Cada um de nós cristãos deve revelar aos que estão ao seu redor, a interpretação que faz de Jesus; como o compreende e o que faz dele em sua vida de cada dia. Meu modo de pensar, de agir, de conviver e de me relacionar revela o lugar que Jesus de Nazaré ocupa, ou não, na minha vida. Jesus não se contenta com uma resposta convencional. Por isso, perguntou e continua perguntando a mim e a você: “Quem tu dizes que eu sou?”.

Jesus vibrou diante de Pedro que deu uma resposta nova, inédita, fora de qualquer consenso, com determinação, rompendo com o que estava estabelecido: “Tu és o Messias, o Filho do Deus Vivo”. Resposta corajosa, que deixa Pedro sozinho, na contramão da sociedade e da cultura daquele tempo. Disse uma enormidade que lhe custará caro.

Também de nós Jesus espera que digamos, destemidos, sem fugir e sem nos acomodar, o que ainda não foi dito por ninguém, o inédito que poderá colocar-nos em risco. Ele quer a nossa resposta; a resposta que só eu posso dar; que só você pode dar.

Pedro faz sua declaração nos caminhos da Galileia, onde ninguém o vê. Paulo diz isso ao mundo, nas cidades gregas importantes, nos grandes areópagos daquele tempo. Eles testemunham a chegada e o encontro com o MESSIAS (em hebraico), o CRISTO (em grego).

Nós somos um POVO MESSIÂNICO. Uma dimensão fundamental da experiência cristã é a esperança messiânica: a certeza de um tempo e de um mundo novo. Todos os judeus sabiam que quando viesse o Messias, haveria uma grande ruptura, um divisor de águas: cairia a Lei, cairiam os poderes, as instituições, o templo, a forma religiosa, a classe sacerdotal; tudo iria mudar radicalmente: o único poder e o único sacerdócio seriam do Messias.

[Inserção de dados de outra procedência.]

Lemma newton_hquot n : (0 < n <= K)%N ->
  n%:R * C`_(K - n) =
  \sum_(r < n) (powsum xs r.+1 - powsum zs r.+1) * C`_(K - (n - r.+1)).
Proof.
move=> /andP[n_gt0 nK].
have : newton_defect`_(K + (K - n)) = 0.
  by rewrite nth_default // (leq_trans size_newton_defect) // leq_addr.
rewrite coefB coefXnM ifF; last by lia.
rewrite coefB mulr_natl coefMn coef_Xderiv -mulrnBr; last by lia.
have -> : (K + (K - n) - K = K - n)%N by lia.
have -> : (K - (K - n) = n)%N by lia.
have -> : Px - Pz = \sum_(r < K) (powsum xs r.+1 - powsum zs r.+1) *: 'X^(K - r.+1).
  by rewrite -sumrB; apply: eq_bigr => r _; rewrite scalerBl.
rewrite (@coef_sumXn_mul _ (fun r => powsum xs r.+1 - powsum zs r.+1)) ?size_hquot //.
by move=> /eqP; rewrite subr_eq0 => /eqP <-; rewrite mulr_natl.
Qed.

Lemma residue_hquot (W : {poly F}) : (size W <= K)%N -> (W * C)`_K.-1 = residue D (W * N).
Proof.
move=> sW; set q := (W * N) %/ D; set r := (W * N) %% D.
have sr : (size r <= d)%N by rewrite -ltnS -size_D ltn_modp monic_neq0.
have eV : (W * C - 'X^K * q) * D = 'X^K * r - W * rem.
  apply/eqP; rewrite -subr_eq0; apply/eqP; transitivity (
    W * (C * D + rem - 'X^K * N) - 'X^K * (q * D + r - W * N)); first by ring.
  by rewrite -hquot_eq -divp_eq !subrr !mulr0 subrr.
have sWrem : (size (W * rem)%R <= K + d - 1)%N.
  by apply: leq_trans (size_mul_le sW size_rem) _; lia.
have sV : (size (W * C - 'X^K * q)%R <= K)%N.
  apply: (size_Mmonic_leq D_monic); rewrite eV size_D size_sub_le //.
    by apply: leq_trans (size_mul_le size_XK sr) _; lia.
  by apply: leq_trans sWrem _; lia.
have sV' : (size (W * C - 'X^K * q)%R <= K.-1.+1)%N by rewrite prednK.
have := coef_Mmonic_top D_monic sV'; rewrite eV size_D /= coefB.
rewrite [(W * rem)`_ _]nth_default; last by apply: leq_trans sWrem _; lia.
rewrite subr0 coefB [('X^K * q)`_ _]coefXnM ifT ?subr0; last by lia.
rewrite coefXnM => <-.
have [d0|d_gt0] := posnP d.
  rewrite ifT; last by lia.
  have r0 : r = 0 by apply/eqP; rewrite -size_poly_eq0; lia.
  by rewrite /residue size_D d0 -/r r0 coef0.
by rewrite ifF; [rewrite /residue size_D /=; congr (r`_ _); lia | lia].
Qed.

End NewtonQuotient.

Lemma pxy_powsum (xs ys : seq CC) r :
  pxy xs ys r.+1 = powsum xs r.+1 - powsum (map -%R ys) r.+1.
Proof.
rewrite /pxy /powsum big_map -sumrN mulr_sumr; congr (_ + _); apply: eq_bigr => y _.
by rewrite [(- y) ^+ _]exprNn [X in - (X * _)]exprS mulN1r mulNr opprK.
Qed.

Com o Messias começa um estado de exceção. O cristianismo é uma transgressão porque significa pensar as coisas a partir de Jesus, contra tudo o que está estabelecido como normal; é a nova medida do mundo, força vital e geradora de uma revolução que nunca se viu. Somos dissidentes. Pensar e agir como Jesus é ir contra todas as regras de um mundo que caducou. Com Jesus começa algo novo: “O Reino chegou! Convertei-vos!” (cfr. Mt 4,17).

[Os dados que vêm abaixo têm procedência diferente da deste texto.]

Lemma qnorm_leP f M : linf nE f -> (qnorm nE f <= M <->
  forall e : R, 0 < e -> exists N, forall n, (N <= n)%N -> nE (f n) <= M + e).
Proof.
move=> f_linf; split=> [fM e e0 | HM].
  by apply: eventually_le_qnorm => //; apply: le_lt_trans fM _; rewrite ltrDl.
apply/ler_addgt0Pr => e e0; have [N HN] := HM e e0; exact: qnorm_le_eventually HN.
Qed.

Lemma qnorm_le_c0 f g : linf nE f -> linf nE g -> c0 nE (fun n => f n - g n) ->
  qnorm nE f <= qnorm nE g.
Proof.
move=> f_linf g_linf fg_c0; apply/(qnorm_leP _ _ f_linf) => e e0.
have [N1 HN1] := (qnorm_leP _ _ g_linf).1 (lexx _) e e0.
have [N2 HN2] := (c0P _).1 fg_c0 e e0.
exists (maxn N1 N2) => n; rewrite geq_max => /andP[n1 n2].
rewrite -[f n](subrK (g n)); apply: le_trans (nED _ _) _.
rewrite ge_max HN1 // andbT; apply: le_trans (HN2 n n2) _.
by rewrite lerDr qnorm_ge0.
Qed.

Lemma qnorm_c0_eq f g : linf nE f -> linf nE g -> c0 nE (fun n => f n - g n) ->
  qnorm nE f = qnorm nE g.
Proof.
move=> f_linf g_linf fg_c0; apply: le_anti; rewrite qnorm_le_c0 //=.
apply: qnorm_le_c0 => //; have := c0N fg_c0.
by congr (c0 nE _); apply: funext => n; rewrite opprB.
Qed.

Lemma qnorm_eq0 f : linf nE f -> (qnorm nE f = 0 <-> c0 nE f).
Proof.
move=> f_linf; split=> [f0 | /c0P Hf].
  have f_le0 : qnorm nE f <= 0 by rewrite f0.
  apply/c0P => e e0; have [N HN] := (qnorm_leP _ 0 f_linf).1 f_le0 e e0.
  by exists N => n Nn; rewrite -[e]add0r HN.
apply: le_anti; rewrite qnorm_ge0 andbT; apply/(qnorm_leP _ 0 f_linf) => e e0.
by have [N HN] := Hf e e0; exists N => n Nn; rewrite add0r HN.
Qed.

Lemma qnormZ_le a f :
  linf nE f -> qnorm nE (fun n => a *: f n) <= abs a * qnorm nE f.
Proof.
move=> f_linf; apply/(qnorm_leP _ _ (linfZ a f_linf)) => e e0.
have ea0 : 0 < e / (abs a + 1) by rewrite divr_gt0 // ltr_wpDl ?abs_ge0.
have [N HN] := (qnorm_leP _ _ f_linf).1 (lexx _) _ ea0.
exists N => n Nn; rewrite nEZ.
apply: le_trans (ler_wpM2l (abs_ge0 a) (HN n Nn)) _.
rewrite mulrDr lerD2l mulrA ler_pdivrMr ?ltr_wpDl ?abs_ge0 //.
have := abs_ge0 a; nra.
Qed.

Lemma qnormZ a f :
  linf nE f -> qnorm nE (fun n => a *: f n) = abs a * qnorm nE f.
Proof.
move=> f_linf; apply: le_anti; rewrite qnormZ_le //=.
have [->|a0] := eqVneq a 0.
  have abs0 : abs 0 = 0 by case: Habs => _ abs_eq0 _ _; apply/abs_eq0.
  by rewrite abs0 mul0r qnorm_ge0.
have := qnormZ_le a^-1 _ (linfZ a f_linf).
rewrite (_ : (fun n => a^-1 *: (a *: f n)) = f); last first.
  by apply: funext => n; rewrite scalerA mulVf // scale1r.
by move=> /(ler_wpM2l (abs_ge0 a)); rewrite mulrA absVK // mul1r.
Qed.

Lemma qnormD f g : linf nE f -> linf nE g ->
  qnorm nE (fun n => f n + g n) <= Num.max (qnorm nE f) (qnorm nE g).
Proof.
move=> f_linf g_linf; apply/(qnorm_leP _ _ (linfD f_linf g_linf)) => e e0.
have [N1 HN1] := (qnorm_leP _ _ f_linf).1 (lexx _) e e0.
have [N2 HN2] := (qnorm_leP _ _ g_linf).1 (lexx _) e e0.
exists (maxn N1 N2) => n; rewrite geq_max => /andP[n1 n2].
apply: le_trans (nED _ _) _; rewrite ge_max; apply/andP; split.
  by apply: le_trans (HN1 n n1) _; rewrite lerD2r le_max lexx.
by apply: le_trans (HN2 n n2) _; rewrite lerD2r le_max lexx orbT.
Qed.

Lemma qnorm_diag x : qnorm nE (diag x) = nE x.
Proof.
apply/le_anti/andP; split; first by apply: (@qnorm_le_eventually _ 0).
have x_linf : linf nE (diag x) by exists (nE x).
apply/ler_addgt0Pr => e e0.
have [N HN] := (qnorm_leP _ _ x_linf).1 (lexx _) e e0; exact: HN N (leqnn N).
Qed.

Section NestedBalls.
Variables (c : nat -> nat -> E) (r : nat -> R).
Local Notation ball := (Defs.closed_ball (linf nE) (qdist nE)).
Hypothesis c_linf : forall k, linf nE (c k).
Hypothesis r_ge0 : forall k, 0 <= r k.
Hypothesis ball_nested : forall k, ball (c k.+1) (r k.+1) `<=` ball (c k) (r k).

Lemma center_in_ball k : ball (c k) (r k) (c k).
Proof.
by split=> //; apply: (@qnorm_le_eventually _ 0) => n _; rewrite subrr nE0.
Qed.

Lemma qdist_nested {i j} : (i <= j)%N -> qdist nE (c j) (c i) <= r i.
Proof.
move=> ij; suff : ball (c j) (r j) `<=` ball (c i) (r i).
  by move=> /(_ _ (center_in_ball j)) [].
rewrite -(subnKC ij); elim: (j - i)%N => [|d IH]; first by rewrite addn0.
by rewrite addnS; apply: subset_trans (ball_nested _) IH.
Qed.

Lemma eventually_close_centers j : exists N, forall n, (N <= n)%N ->
  forall i, (i <= j)%N -> nE (c j n - c i n) <= r i + j.+1%:R^-1.
Proof.
have [N _ HN] : \forall n \near \oo,
    forall i : 'I_j.+1, nE (c j n - c i n) <= r i + j.+1%:R^-1.
  apply: filter_forall => i; have ij : (i <= j)%N by rewrite -ltnS.
  have inv_gt0 : 0 < j.+1%:R^-1 :> R by rewrite invr_gt0 ltr0Sn.
  have [N HN] := (qnorm_leP _ _ (linfB (c_linf j) (c_linf i))).1 (qdist_nested ij)
    _ inv_gt0.
  by exists N.
by exists N => n Nn i ij; exact: (HN n Nn (Ordinal (ij : (i < j.+1)%N))).
Qed.

Lemma diag_centers_close (N : nat -> nat) :
  (forall j n, (N j <= n)%N ->
    forall i, (i <= j)%N -> nE (c j n - c i n) <= r i + j.+1%:R^-1) ->
  forall k n i, (i <= k)%N -> (k <= n)%N -> (N k <= n)%N ->
  nE (c (diag_index N n) n - c i n) <= r i + k.+1%:R^-1.
Proof.
move=> HN k n i ik kn Nkn; have [km Nm] := diag_indexP N kn Nkn.
apply: le_trans (HN _ _ Nm _ (leq_trans ik km)) _.
by rewrite lerD2l lef_pV2 ?posrE // ler_nat.
Qed.

Lemma nested_balls_meet : exists y, forall k, ball (c k) (r k) y.
Proof.
have [N HN] := choice eventually_close_centers.
pose y n := c (diag_index N n) n.
have y_close := diag_centers_close N HN.
have y_linf : linf nE y.
  rewrite (_ : y = fun n => (y n - c 0%N n) + c 0%N n); last first.
    by apply: funext => n; rewrite subrK.
  apply: linfD (c_linf 0); apply: (@linf_eventually _ (N 0%N) (r 0%N + 1)) => n n0.
  by have := y_close 0%N n 0%N (leqnn 0) (leq0n n) n0; rewrite invr1.
exists y => k; split=> //; apply/(qnorm_leP _ _ (linfB y_linf (c_linf k))) => e e0.
have [k' _ Hk'] := near_infty_natSinv_lt (PosNum e0).
exists (maxn (maxn k k') (N (maxn k k'))) => n; rewrite geq_max => /andP[kn Nn].
apply: le_trans (y_close _ n k (leq_maxl _ _) kn Nn) _.
rewrite lerD2l ltW //; apply: Hk'; exact: leq_maxr.
Qed.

A fé em Jesus nos põe à parte: não pertencemos a nenhuma ideologia, a nenhum partido, a nenhum clube; o amor radical de Jesus nos faz fermento, luz e sal; somos um espírito de transformação da história.
Quando e onde Jesus de Nazaré é reconhecido como “o Messias, o Filho do Deus Vivo”, dá-se “UM DIVISOR DE ÁGUAS”!